Gene silencing of galectin-3 changes the biological behavior of Eca109 human esophageal cancer cells

Abstract

Galectin-3 is a multifunctional β-galactoside‑binding lectin that is involved in multiple biological functions which are upregulated in malignancies, including cell growth, adhesion, proliferation, progression and metastasis, as well as apoptosis. A previous study has confirmed the roles of galecin-3 overexpression in the biological behavior of Eca109 human esophageal cancer (EC) cells. In the present study, small interfering (si)RNA-mediated galectin-3 silencing was performed to analyze the effects of decreased galectin-3 expression on the biological behavior of EC cells. Western blot and quantitative polymerase chain reaction analyses were utilized to confirm galectin-3 knockdown at the protein and mRNA level (P<0.05 vs. siRNA-control and untransfected groups). Cell proliferation was assessed using the Cell Counting Kit-8 assay. At 72 and 96 h after transfection, the proliferation of Eca109 cells in the siRNA-Gal-3 group was decreased compared with that in the siRNA-Control and untransfected groups (P<0.001 and P=0.004, respectively). Furthermore, Transwell assays demonstrated that inhibition of galecin-3 significantly reduced the migration and invasion of Eca109 cells compared with that in the other groups (P<0.05). Finally, apoptosis of Eca109 cells was detected using Annexin V/7-amino‑actinomycin double-staining and flow cytometric analysis. Galectin-3 knockdown significantly enhanced the apoptotic rate of Eca109 cells compared with that in the siRNA-control and untreated groups (P=0.031 and P=0.047, respectively). In conclusion, following successful knockdown of galecin-3 expression in Eca109 cells, the cell proliferation, migration and invasion were reduced, while the apoptosis was enhanced, which indicates that galectin silencing may represent a therapeutic strategy for EC.

Figure 1

Protein and mRNA expression levels of galectin-3 in Eca109 human esophageal cancer cells. (A and B) Protein expression of galectin-3 in siGal3-1, siGal3-2, siRNA-Control and untreated cells was determined by western blot analysis 72 h post-transfection. A 31-kDa band representing the location of galectin-3 was visualized in four groups. Galectin-3 expression was significantly reduced in the siGal-3 groups compared with that in the in siRNA-Control and untreated groups (P<0.05). (C) mRNA expression of galectin-3 in the four groups 48 h post-transfection. Compared with the siRNA-Control and untreated groups, galectin-3 was significantly reduced in the siGal-3 groups (P<0.001).

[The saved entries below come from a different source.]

(* The left-normed monomials of arity n; they span Vert(n). *)
Definition vert_mon (K : fieldType) (n : nat) (x : FM K) : Prop :=
  exists (i : nat) (s : seq nat),
    perm_eq (i :: s) (iota 0 n) /\ x = << lnorm i s >>.

(* x lies in Vert(n) modulo the pre-Lie ideal, i.e. the class of x in the
   free (graded) pre-Lie algebra lies in Vert(n). *)
Definition in_vert_mod_prelie (K : fieldType) (p : bool) (n : nat) (x : FM K)
  : Prop :=
  inSpan K (fun y => vert_mon K n y \/ in_prelie_ideal_gen K p y) x.

From HB Require Import structures.
From mathcomp Require Import all_boot all_order all_algebra.
From mathcomp Require Import finmap monalg.

(* Modulo the pre-Lie relations, a o [b, c] = (a o b) o c - (+/-) (a o c) o b:
   right multiplication turns brackets into graded commutators of operators.
   Hence for a Lie word t, right multiplication by iota(t) is congruent to an
   operator R_t built from right multiplications by generators, and R_t maps
   a monomial k into the span of the left-normed products
   (..(k o x_j1) ..) o x_jm, (j1, ..., jm) a rearrangement of the leaves of t.
   Now write iota([u, v]) = iota(u) o iota(v) - (+/-) iota(v) o iota(u) and
   replace iota(u) by an element w of Vert, by induction: w o iota(v) is
   congruent to R_v w, which lies in Vert again; likewise for the second
   term. *)

Import GRing.Theory.
Local Open Scope ring_scope.

Section FreeAlgebra.
Context {K : fieldType}.
Local Notation V := (FM K).
Implicit Types (P Q : V -> Prop) (f : {linear V -> V}).

Lemma inSpan0 P : inSpan K P 0.
Proof. by exists [::]; rewrite big_nil. Qed.

Lemma inSpan_mem P x : P x -> inSpan K P x.
Proof.
move=> Px; exists [:: (1, x)]; split; first by move=> q; rewrite inE => /eqP ->.
by rewrite big_seq1 scale1r.
Qed.

Lemma inSpanD P x y : inSpan K P x -> inSpan K P y -> inSpan K P (x + y).
Proof.
move=> [l1 [Pl1 ->]] [l2 [Pl2 ->]]; exists (l1 ++ l2); rewrite big_cat.
by split=> // q; rewrite mem_cat => /orP[/Pl1|/Pl2].
Qed.

Lemma inSpanZ P c x : inSpan K P x -> inSpan K P (c *: x).
Proof.
move=> [l [Pl ->]]; exists [seq (c * q.1, q.2) | q <- l]; split.
  by move=> _ /mapP[q /Pl Pq ->].
by rewrite big_map scaler_sumr; apply: eq_bigr => q _; rewrite scalerA.
Qed.

Lemma inSpanN P x : inSpan K P x -> inSpan K P (- x).
Proof. by rewrite -scaleN1r; apply: inSpanZ. Qed.

Lemma inSpanB P x y : inSpan K P x -> inSpan K P y -> inSpan K P (x - y).
Proof. by move=> Px Py; apply/inSpanD/inSpanN. Qed.

Lemma inSpan_sum P (I : eqType) (r : seq I) (F : I -> V) :
  (forall i, i \in r -> inSpan K P (F i)) -> inSpan K P (\sum_(i <- r) F i).
Proof.
elim: r => [|i r IHr] PF; first by rewrite big_nil; apply: inSpan0.
rewrite big_cons; apply: inSpanD; first by apply: PF; rewrite mem_head.
by apply: IHr => j rj; apply: PF; rewrite inE rj orbT.
Qed.

Lemma inSpan_linear f P Q v :
  (forall u, P u -> inSpan K Q (f u)) -> inSpan K P v -> inSpan K Q (f v).
Proof.
move=> fPQ [l [Pl ->]]; rewrite linear_sum; apply: inSpan_sum => q /Pl Pq.
by rewrite linearZ; apply/inSpanZ/fPQ.
Qed.

Lemma inSpan_trans P Q v :
  (forall u, P u -> inSpan K Q u) -> inSpan K P v -> inSpan K Q v.
Proof. exact: (inSpan_linear idfun). Qed.

Lemma inSpan_monomial v : inSpan K (fun u => exists k, u = << k >>) v.
Proof.
rewrite (monalgE v); apply: inSpan_sum => k _.
have -> : << v@_k *g k >> = v@_k *: (<< k >> : V).
  by apply/malgP => m; rewrite mcoeffZ !mcoeffU mulr_natr.
by apply/inSpanZ/inSpan_mem; exists k.
Qed.

Lemma inSpan_linear_basis f Q v :
  (forall k, inSpan K Q (f << k >>)) -> inSpan K Q (f v).
Proof.
by move=> fQ; apply: inSpan_linear (inSpan_monomial v) => _ [k ->].
Qed.

Definition linext (g : tree -> V) (x : V) : V :=
  \sum_(k <- msupp x) x@_k *: g k.

Lemma linextEw g x (d : {fset tree}) : (msupp x `<=` d)%fset ->
  linext g x = \sum_(k <- d) x@_k *: g k.
Proof.
move=> le_xd; rewrite /linext (big_fset_incl _ le_xd) //.
by move=> k _ /mcoeff_outdom->; rewrite scale0r.
Qed.

Lemma linext_is_linear g : linear (linext g).
Proof.
move=> c x y; pose d := (msupp x `|` msupp y `|` msupp (c *: x + y))%fset.
rewrite (linextEw _ _ d) ?fsubsetUr // (linextEw _ x d); last first.
  by rewrite /d -fsetUA fsubsetUl.
rewrite (linextEw _ y d); last by rewrite /d fsetUAC fsubsetUr.
rewrite scaler_sumr -big_split; apply: eq_bigr => k _.
by rewrite mcoeffD mcoeffZ scalerDl scalerA.
Qed.

HB.instance Definition _ g :=
  GRing.isLinear.Build K V V *:%R (linext g) (linext_is_linear g).

Lemma linextU g k : linext g << k >> = g k.
Proof.
by rewrite (linextEw _ _ _ msuppU_le) big_seq_fset1 mcoeffUU scale1r.
Qed.

Lemma eq_linext g h : g =1 h -> linext g =1 linext h.
Proof. by move=> gh x; apply: eq_bigr => k _; rewrite gh. Qed.

Lemma linext_linear_comb c g h x :
  linext (fun k => c *: g k + h k) x = c *: linext g x + linext h x.
Proof.
rewrite /linext scaler_sumr -big_split; apply: eq_bigr => k _.
by rewrite scalerDr !scalerA mulrC.
Qed.

Definition fmul (x y : V) : V :=
  linext (fun a => linext (fun b => << Node a b >>) y) x.

Local Notation "x ** y" := (fmul x y) (at level 40, left associativity).

Lemma fmul_is_bilinear : bilinear_for *:%R *:%R fmul.
Proof.
split=> [y|x]; first exact: linext_is_linear.
move=> c y z; rewrite /fmul -linext_linear_comb.
by apply: eq_linext => a; rewrite linearP.
Qed.

HB.instance Definition _ :=
  bilinear_isBilinear.Build K V V V *:%R *:%R fmul fmul_is_bilinear.

(* The bilinear structure equips the partial applications of abstract bilinear
   maps only; these instances make composites such as [fmul x \o fmulr y]
   canonically linear. *)
HB.instance Definition _ x :=
  GRing.isLinear.Build K V V *:%R (fmul x) (fmul_is_bilinear.2 x).

Definition fmulr (y x : V) : V := x ** y.

HB.instance Definition _ y :=
  GRing.isLinear.Build K V V *:%R (fmulr y) (fmul_is_bilinear.1 y).

Lemma fmulU a b : << a >> ** << b >> = << Node a b >> :> V.
Proof. by rewrite /fmul !linextU. Qed.

Lemma subr_linear_comb (e : K) (x1 x2 y1 y2 : V) :
  x1 - e *: x2 - (y1 - e *: y2) = x1 - y1 - e *: (x2 - y2).
Proof. by rewrite scalerBr !opprB addrACA [RHS]addrACA [- y1 + _]addrC. Qed.

Definition signed_sum (s : seq (bool * tree)) : V :=
  \sum_(q <- s) (-1) ^+ q.1 *: << q.2 >>.

Lemma fmul_signed_sum s1 s2 : signed_sum s1 ** signed_sum s2 =
  signed_sum [seq (q1.1 (+) q2.1, Node q1.2 q2.2) | q1 <- s1, q2 <- s2].
Proof.
rewrite /signed_sum big_allpairs_dep linear_sumlz /=; apply: eq_bigr => q1 _.
rewrite linearZl_LR linear_sumr /= scaler_sumr; apply: eq_bigr => q2 _.
by rewrite linearZ /= fmulU scalerA signr_addb.
Qed.

End FreeAlgebra.

Local Notation "x ** y" := (fmul x y) (at level 40, left associativity).

Definition lnorm_tree (k : tree) (s : seq nat) : tree :=
  foldl (fun a j => Node a (Leaf j)) k s.

Lemma lnorm_tree_cat k s1 s2 :
  lnorm_tree k (s1 ++ s2) = lnorm_tree (lnorm_tree k s1) s2.
Proof. exact: foldl_cat. Qed.

Section LeftNormedSpans.
Context {K : fieldType}.
Local Notation V := (FM K).

Definition lnorm_span (k : tree) (S : seq nat) : V -> Prop :=
  inSpan K (fun u => exists s, perm_eq s S /\ u = << lnorm_tree k s >>).

Definition vert_span (S : seq nat) : V -> Prop :=
  inSpan K (fun u =>
    exists i s, perm_eq (i :: s) S /\ u = << lnorm_tree (Leaf i) s >>).

Lemma lnorm_span_perm {k S1 S2 v} :
  perm_eq S1 S2 -> lnorm_span k S1 v -> lnorm_span k S2 v.
Proof.
move=> eqS; apply: inSpan_trans => _ [s [eq_s ->]]; apply: inSpan_mem.
by exists s; rewrite (perm_trans eq_s eqS).
Qed.

Lemma vert_span_perm {S1 S2 v} :
  perm_eq S1 S2 -> vert_span S1 v -> vert_span S2 v.
Proof.
move=> eqS; apply: inSpan_trans => _ [i [s [eq_s ->]]]; apply: inSpan_mem.
by exists i, s; rewrite (perm_trans eq_s eqS).
Qed.

Section Extension.
Context {g : tree -> V} {S : seq nat}.
Hypothesis g_lnorm : forall k, lnorm_span k S (g k).

Lemma linext_lnorm_span k S' v :
  lnorm_span k S' v -> lnorm_span k (S' ++ S) (linext g v).
Proof.
apply: inSpan_linear => _ [s [eq_s ->]] /=; rewrite linextU.
apply: inSpan_trans (g_lnorm _) => _ [s' [eq_s' ->]]; apply: inSpan_mem.
by exists (s ++ s'); rewrite perm_cat // lnorm_tree_cat.
Qed.

Lemma linext_vert_span S' v :
  vert_span S' v -> vert_span (S' ++ S) (linext g v).
Proof.
apply: inSpan_linear => _ [i [s [eq_s ->]]] /=; rewrite linextU.
apply: inSpan_trans (g_lnorm _) => _ [s' [eq_s' ->]]; apply: inSpan_mem.
by exists i, (s ++ s'); rewrite -cat_cons perm_cat // lnorm_tree_cat.
Qed.

End Extension.
End LeftNormedSpans.

Section PreLie.
Variables (K : fieldType) (p : bool).
Local Notation V := (FM K).
Local Notation il := (iota_lie K p).
Local Notation prelie_ideal := (inSpan K (in_prelie_ideal_gen K p)).
Local Notation "x ≡ y" := (prelie_ideal (x - y)) (at level 70).

Lemma prelie_ideal_fmulr x y : prelie_ideal x -> prelie_ideal (x ** y).
Proof.
move=> Jx; apply: (inSpan_linear_basis (fmul x)) => w.
apply: (inSpan_linear (fmulr << w >>)) Jx => _ [C [a [b [c ->]]]] /=.
apply: inSpan_mem; exists (CL C w), a, b, c.
by rewrite /fmulr /prelie_rel !linearBl linearZl_LR !linearBl /= !fmulU.
Qed.

Lemma eqv_trans y x z : x ≡ y -> y ≡ z -> x ≡ z.
Proof. by move=> Jxy Jyz; rewrite -[x](subrK y) -addrA; apply: inSpanD. Qed.

Arguments eqv_trans y {x z}.

Lemma eqv_fmulr x y z : x ≡ y -> x ** z ≡ y ** z.
Proof. by rewrite -linearBl; apply: prelie_ideal_fmulr. Qed.

Lemma eqv_linear_comb (e : K) x1 x2 y1 y2 :
  x1 ≡ y1 -> x2 ≡ y2 -> x1 - e *: x2 ≡ y1 - e *: y2.
Proof. by rewrite subr_linear_comb => J1 J2; apply/inSpanB/inSpanZ. Qed.

Definition koszul (b c : tree) : K := (-1) ^+ (par p b && par p c).

Definition homogeneous (P : bool) : V -> Prop :=
  inSpan K (fun u => exists t, par p t = P /\ u = << t >>).

Lemma size_leaves_lie_terms t q :
  q \in lie_terms p t -> size (leaves q.2) = size (leaves t).
Proof.
elim: t q => [i|l IHl r IHr] q /=; first by rewrite inE => /eqP ->.
rewrite mem_cat => /orP[] /allpairsP[[q1 q2] [/= /IHl ql /IHr qr ->]] /=;
  by rewrite !size_cat ql qr // addnC.
Qed.

Lemma iota_lie_homogeneous t : homogeneous (par p t) (il t).
Proof.
apply: inSpan_sum => q qt; apply/inSpanZ/inSpan_mem.
by exists q.2; rewrite /par (size_leaves_lie_terms _ _ qt).
Qed.

Lemma iota_lie_leaf i : il (Leaf i) = << Leaf i >>.
Proof. by rewrite /iota_lie big_seq1 scale1r. Qed.

Lemma iota_lie_node l r :
  il (Node l r) = il l ** il r - koszul l r *: (il r ** il l).
Proof.
rewrite [LHS]big_cat -!/(signed_sum _) !fmul_signed_sum; congr (_ + _).
rewrite /signed_sum !big_allpairs_dep exchange_big /= scaler_sumr -sumrN.
apply: eq_bigr => q1 _; rewrite scaler_sumr -sumrN; apply: eq_bigr => q2 _.
rewrite scalerA -scaleNr /koszul !signr_addb signrN mulrN.
by rewrite [_ * (_ * _)]mulrC [(-1) ^+ q2.1 * _]mulrC.
Qed.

Values are expressed as the mean ± standard deviation. ^*P≤0.05. siRNA, small interfering RNA; Gal, galectin.

Figure 2

Proliferation capacity of siRNA-Gal-3- and siRNA-control-transfected as well as untreated Eca109 cells. At (A) 24 h and (B) 48 h after transfection with siRNA, no significant differences were observed among three groups (P>0.05). (C) At 72 h after transfection, the proliferation of Eca109 cells in the siRNA-Gal-3 group was lower than that in the siRNA-control group. (D) At 96 h after transfection, the siRNA-Gal-3 treated group showed a significantly decreased proliferation compared with that in the siRNA-control and untreated groups (P=0.004 and P=0.001, respectively). (E) Cell proliferation curve of Eca109 cells in the three groups. Values are expressed as the mean ± standard deviation. ^*P≤0.05. siRNA, small interfering RNA; Gal, galectin.

Figure 3

Gal-3 knockdown inhibits the invasive and migratory abilities of Eca109 cells. Microscopy images of crystal violet-stained cells in the siRNA-Gal-3, siRNA-Control and untreated groups, respectively, on the lower side of Transwell membranes (magnification, ×4.2) in (A–C) the invasion and (D–F) the migration assay. (G) Quantification of invaded cells revealed significantly decreased invasion in the siRNA-Gal-3 group compared with that in the siRNA- Control and untreated groups (P=0.002 and P=0.001, respectively). (H) Quantification of migrated cells revealed reduced migration of siRNA-Gal-3-treated Eca109 cells compared with that in the siRNA-Control and untreated groups (P=0.001 and P<0.001, respectively). Values are expressed as the mean ± standard deviation. ^*P≤0.05. siRNA, small interfering RNA; Gal, galectin.

Figure 4

Gal-3 knockdown enhances apoptosis of Eca109 cells. Flow cytometric analysis of apoptotic cells in the (A) siRNA-Gal-3, (B) siRNA-Control and (C) untreated groups. (D) The siRNA-Gal-3 group exhibited a significantly higher apoptotic rate than the siRNA-Control and the untreated group (P=0.031 and P=0.047, respectively). Values are expressed as the mean ± standard deviation. ^*P≤0.05. siRNA, small interfering RNA; Gal, galectin; 7-AAD, 7-amino-actinomycin; PE, phycoerythrin.